Results from application of ZDOCK to unbound systems in Benchmark 2.064 allowed direct comparison with DOT. ZDOCK was not applied to the eight Benchmark 2.0 systems ranked difficult, but only one of these systems contained complete side chains and was run through DOT (1FQ1). DOT and ZDOCK both use convolution methods, calculated by fast Fourier transforms, to perform a systematic grid-based search over all space for two rigid macromolecules. Both programs applied 54,000 orientations to the Benchmark 2.0 targets. There are, however, distinct differences between the two programs. In DOT, the grid spacing was 1 Å and the grid size was customized for each system, whereas ZDOCK used a grid spacing of 1.2 Å with cubic grids of either 100 or 128 points on each side.65 The two programs use different protocols for retaining configurations. ZDOCK keeps the best-energy configuration for each orientation of the moving molecule, resulting in 54,000 total configurations. In contrast, DOT retains a user-specified number of the most favorably ranked configurations (200,000 for Benchmark 2.0 systems) regardless of the orientation. We have found this approach useful for identifying clusters, where one orientation can give similar energy configurations among nearby grid points. The two programs use different scoring methods. With DOT, we used three scoring methods: the DOT score based on shape fit and electrostatic energy, ASP+Elec re-ranking of the top 2,000 DOT-scored configurations, and ASP+Elec re-ranking of the top 2,000 configurations scored by ACE+Elec. These were compared with four methods of scoring by ZDOCK.64 Two versions of ZDOCK were run on each system: ZDOCK 2.1 (shape complementarity) and ZDOCK 2.3 (added electrostatics and desolvation terms). These two sets of 54,000 configurations were then re-ranked with ZRANK (versions ZDOCK 2.1 ZR and ZDOCK 2.3 ZR), which uses seven scoring terms that have been optimally weighted using a training set of 10 Benchmark 1.0 systems50 before applying them to Benchmark 2.0 systems. The ZDOCK analysis gives the number of hits in the top-ranked 2,000 and the best ranked hit.64 In Table 1, we provide the ZDOCK scoring method with the highest ranked hit; this method usually had the largest number of hits in the top-ranked 2,000.

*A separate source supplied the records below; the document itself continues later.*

Lemma mkz_weight_series q n x : 0 < q <= 1 -> 0 <= x < 1 ->
  ex_series (mkz_weight q n x) /\ Series (mkz_weight q n x) = / qprod q n x.
Proof.
  intros Hq Hx. induction n as [|n [IHex IHs]].
  - assert (E : forall k, x ^ k = mkz_weight q 0 x k)
      by (intros k; unfold mkz_weight; rewrite qbinom_0k by lra; ring).
    assert (Hg := is_series_geom x ltac:(rewrite Rabs_pos_eq; lra)).
    split.
    + apply (ex_series_Rext (fun k => x ^ k)); [exact E | exists (/ (1 - x)); exact Hg].
    + rewrite <- (Series_ext _ _ E). apply is_series_unique. exact Hg.
  - destruct (mkz_weight_series_S q n x Hq Hx IHex) as [Hex E]. split; [exact Hex|].
    pose proof (qprod_pos q n x Hq Hx).
    assert (0 < 1 - q ^ S n * x).
    { assert (q ^ S n <= 1) by (rewrite <- (pow1 (S n)); apply pow_incr; lra).
      pose proof (pow_le q (S n) ltac:(lra)). nra. }
    simpl qprod. replace (1 - q * q ^ n * x) with (1 - q ^ S n * x) by (simpl; ring).
    rewrite Rinv_mult, <- IHs, <- E. field. lra.
Qed.

Lemma MKZ_at_0 q n h : 0 < q <= 1 -> MKZ q n h 0 = h 0.
Proof.
  intros Hq. rewrite MKZ_lt_1, qprod_at_0, Rmult_1_l by lra.
  rewrite (Series_ext _ (fun k => h (mkz_node q n 0) * mkz_weight q n 0 k))
    by (intros [|k]; unfold mkz_weight; simpl; ring).
  rewrite Series_scal_l, mkz_node_0, (proj2 (mkz_weight_series q n 0 Hq ltac:(lra))), qprod_at_0.
  field.
Qed.

Section MKZMoments.
Variables (q : R) (n : nat) (x : R).
Hypothesis q_range : 0 < q <= 1.
Hypothesis n_pos : (1 <= n)%nat.
Hypothesis x_range : 0 <= x < 1.

Lemma mkz_node_unit k : 0 <= mkz_node q n k <= 1.
Proof.
  unfold mkz_node.
  assert (0 < qint q (k + n)) by (apply qint_pos; [lra | lia]).
  pose proof (qint_nonneg q k ltac:(lra)). pose proof (qint_le q k (k + n) ltac:(lra) ltac:(lia)).
  split; [apply Rdiv_le_0_compat; lra|].
  apply (Rmult_le_reg_r (qint q (k + n))); [lra|].
  unfold Rdiv. rewrite Rmult_assoc, Rinv_l by lra. lra.
Qed.

Lemma mkz_weight_node k :
  mkz_weight q n x (S k) * mkz_node q n (S k) = x * mkz_weight q n x k.
Proof.
  unfold mkz_weight, mkz_node. rewrite <- (qbinom_shift q n k) by lra. simpl. ring.
Qed.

DOT results on systems containing antibody fragments (Fab and Fv) are not comparable with ZDOCK results. In ZDOCK, the search was restrained to the CDRs by modification of the antibody shape potential (indicated in Table 1 by ‘CDRs’ in the ZDOCK column). In contrast, DOT searched over the full Fv and two-domain Fab coordinates provided in Benchmark 2.0 for each antibody in Table 1. Since CDRs make up a small fraction of the total surface area of a Fab, it is unsurprising that the restrained ZDOCK search found more hits among the top 2,000 for most Fab antibody systems (1BJI, 1E6J, 1FSK, 1MLC, 1NCA, and 1WEJ). However, the DOT search found more hits among the top 2,000 in two Fab systems (1AHW and 1JPS), as well as finding 15 hits among the top 30 for Fab 1WEJ. In general, disallowing penetrations of the moving ligand with the antibody (0 bumps run) gave better results. 1BVK, which contains an Fv, gave no solutions in DOT. This system is a particularly difficult target; even with restraints to the CDR regions, ZDOCK found no hits in the top 2,000 by any ranking method.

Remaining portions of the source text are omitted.